It was about an hour after nightfall when we took our way to the burial-ground. The moon had risen, but the clouds which gathered when the sun went down, covered its face, and were fast spreading their thick, black shadows over the little collection of negro-houses. Near two new-made graves were gathered some two hundred men and women, as dark as the night that was setting around them. As we entered the circle the old preacher pointed to seats reserved for us, and the sable crowd fell back a few paces, as if, even in the presence of death, they did not forget the difference between their race and ours.

Scattered here and there among the trees, torches of lightwood threw a wild and fitful light over the little cluster of graves, revealing the long, straight boxes of rough pine that held the remains of the two negroes, and lighting up the score or two of russet mounds where slept the dusky kinsmen who had gone before them.

The simple head-boards that marked these humble graves chronicled no bad biography or senseless rhyme, and told no false tales of lives that might better not have been, but "Sam, age 22;" "Pompey;" "Jake's Eliza;" "Aunt Sue;" "Aunt Lucy's Tom;" "Joe;" and other like inscriptions, scratched in rough characters on the unplaned boards, were all the records there.
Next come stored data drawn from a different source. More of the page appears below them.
Lemma fconnect_root_cut_excl v : fconnect f v r -> fconnect f v c -> False.
Proof. by move=> vr vc; move/eqP: c_neq_r; apply; exact: fconnect_fixpoints_eq vc vr. Qed.

Lemma on_path_fconnect_end v : on_path f x c v -> fconnect f v c.
Proof.
case/andP=> x_v _; case/orP: (fconnect_total x_v x_c) => // c_v.
by rewrite (fconnect_fixpoint f_c c_v) connect0.
Qed.

Lemma flip_path_eq_on_root_tree v : fconnect f v r -> t v = f v.
Proof.
move=> vr; apply: flip_path_off; apply/negP => /on_path_fconnect_end.
exact: fconnect_root_cut_excl.
Qed.

Lemma fconnect_flip_path_root_of_tree v : fconnect f v r -> fconnect t v r.
Proof.
move=> /iter_findex; move: (findex f v r) => j.
elim: j v => [|j IH] v vr; first by rewrite -vr connect0.
have v_r : fconnect f v r by rewrite -vr fconnect_iter.
rewrite iterSr in vr; apply: connect_trans (IH _ vr).
by rewrite -(flip_path_eq_on_root_tree v_r); exact: fconnect1.
Qed.

Lemma fconnect_flip_path_start v : on_path f x c v -> fconnect t v x.
Proof.
case/on_pathP=> i le_ik <-.
suff back : iter i t (iter i f x) = x.
  by rewrite -[X in fconnect _ _ X]back fconnect_iter.
elim: i le_ik => [|i IH] lt_ik //.
by rewrite iterSr flip_path_step // IH // ltnW.
Qed.

Lemma fconnect_flip_path_root v : fconnect t v r.
Proof.
have x_r : fconnect t x r.
  apply: connect_trans (fconnect1 _ x) _.
  by rewrite flip_path_start; exact: fconnect_flip_path_root_of_tree.
case/orP: (to_r_or_c v) => [|/iter_findex]; first exact: fconnect_flip_path_root_of_tree.
move: (findex f v c) => j; elim: j v => [|j IH] v vc.
  rewrite /= in vc; rewrite vc.
  exact: connect_trans (fconnect_flip_path_start (on_path_end x_c)) x_r.
have [onv | offv] := boolP (on_path f x c v).
  exact: connect_trans (fconnect_flip_path_start onv) x_r.
rewrite iterSr in vc; apply: connect_trans (IH _ vc).
by rewrite -(flip_path_off y offv); exact: fconnect1.
Qed.

Lemma flip_path_fixes_root : t r = r.
Proof. by rewrite flip_path_eq_on_root_tree ?connect0. Qed.

Lemma flip_path_acyclic : acyclic_assignment r t.
Proof. exact: acyclic_of_fconnect_root flip_path_fixes_root fconnect_flip_path_root. Qed.

Lemma path_start_neq_root : x != r.
Proof.
by apply: contraTneq x_c => ->; apply/negP; exact: fconnect_root_cut_excl (connect0 _ r).
Qed.

Lemma flip_path_edges (e : rel T) : symmetric e -> e x y ->
  (forall v, v != r -> v != c -> e v (f v)) -> forall v, v != r -> e v (t v).
Proof.
move=> e_sym e_xy f_e v vr; have [->|vx] := eqVneq v x; first by rewrite flip_path_start.
have [onv | offv] := boolP (on_path f x c v); last first.
  rewrite flip_path_off // f_e //; apply: contraNneq offv => ->.
  exact: on_path_end.
case/on_pathP: onv => [[|i] le_ik vE]; first by rewrite -vE eqxx in vx.
rewrite -vE flip_path_step // e_sym iterS f_e //.
  apply/negP => /eqP ir; apply: (@fconnect_root_cut_excl r); first exact: connect0.
  by rewrite -ir; apply: on_path_fconnect_end; rewrite on_path_iter // ltnW.
apply/eqP => ic; have := findex_path x_c (ltnW le_ik).
by rewrite ic => ik; rewrite ik ltnn in le_ik.
Qed.

End Reroot.

Lemma assignmentP (T : finType) (e : rel T) r (s : {ffun T -> T}) :
  reflect (s r = r /\ forall v, v != r -> e v (s v)) (assignment e r s).
Proof.
apply: (iffP andP) => [[/eqP s_r /forallP s_e] | [s_r s_e]].
  by split=> // v; apply/implyP.
by split; [apply/eqP | apply/forallP => v; apply/implyP; exact: s_e].
Qed.

Lemma on_cycle_next (T : finType) r (s : {ffun T -> T}) c :
  s r = r -> on_cycle r s c -> on_cycle r s (s c).
Proof.
move=> s_r /andP [cr /existsP [k /eqP kc]]; apply/andP; split.
  by apply: contra_neq cr => scr; rewrite -kc iterSr scr iter_fix.
by apply/existsP; exists k; rewrite -iterSr iterS kc.
Qed.

Lemma connect_cross (T : finType) (e : rel T) (P : pred T) a b :
  connect e a b -> P a -> ~~ P b -> exists x y, [&& P x, ~~ P y & e x y].
Proof.
move=> /connectP [p ep ->] {b}; elim: p a ep => [|z p IH] a /=; first by move=> _ ->.
case/andP=> e_az ep Pa; case Pz: (P z); first exact: IH.
by move=> _; exists a, z; rewrite Pa Pz e_az.
Qed.

Definition some_cycle_vertex (T : finType) (r : T) (s : {ffun T -> T}) : T :=
  odflt r [pick c | on_cycle r s c].

Definition cycle_vertex (T : finType) (r : T) (s : {ffun T -> T}) (b : bool) : T :=
  if b then some_cycle_vertex r s else s (some_cycle_vertex r s).

Definition crossing_edge (T : finType) (e : rel T) (r : T) (f : T -> T) (c : T) : T * T :=
  odflt (r, r) [pick p : T * T | [&& fconnect f p.1 c, fconnect f p.2 r & e p.1 p.2]].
The rude tenants had passed away and "left no sign;" their birth, their age, their deeds, were alike unknown—unknown, but not forgotten! for are they not written in the book of His remembrance—and when he counteth up his jewels, may not some of them be there?

The queer, grotesque dress, and sad, earnest looks of the black group; the red, fitful glare of the blazing pine, and the white faces of the tapped trees, gleaming through the gloom like so many sheeted ghosts gathered to some death-carnival, made up a strange, wild scene—the strangest and the wildest I had ever witnessed.

The covers of the rude coffins were not yet nailed down, and when we arrived, the blacks were, one by one, taking a last look at the faces of the dead. Soon, Junius, holding his weeping wife by the hand, approached the smaller of the two boxes, which held all that was left of their first-born. The mother, kneeling by its side, kissed again and again the cold, shrunken lips, and sobbed as if her heart would break; and the strong frame of the father shook convulsively, as he choked down the great sorrow which welled up in his throat, and turned away from his boy forever. As he did so, old Pompey said:

"Don't grebe, June, he'm whar de wicked cease from trubling, whar de weary am at rest."

"I knows it; I knows it, Uncle. I knows de Lord am bery good to take 'im 'way; but why did he take de young chile, and leab de ole man har?"

"De little sapling dat grow in de shade may die while it'm young; de great tree dat grow in de sun must lib till he'm rotted down."

These words were the one drop wanting to make the great grief which was swelling in the negro's heart overflow. Giving one low, wild cry, he folded his wife in his arms, and burst into a paroxysm of tears.

"Come now, my chil'ren," said the old preacher, kneeling down, "let us pray."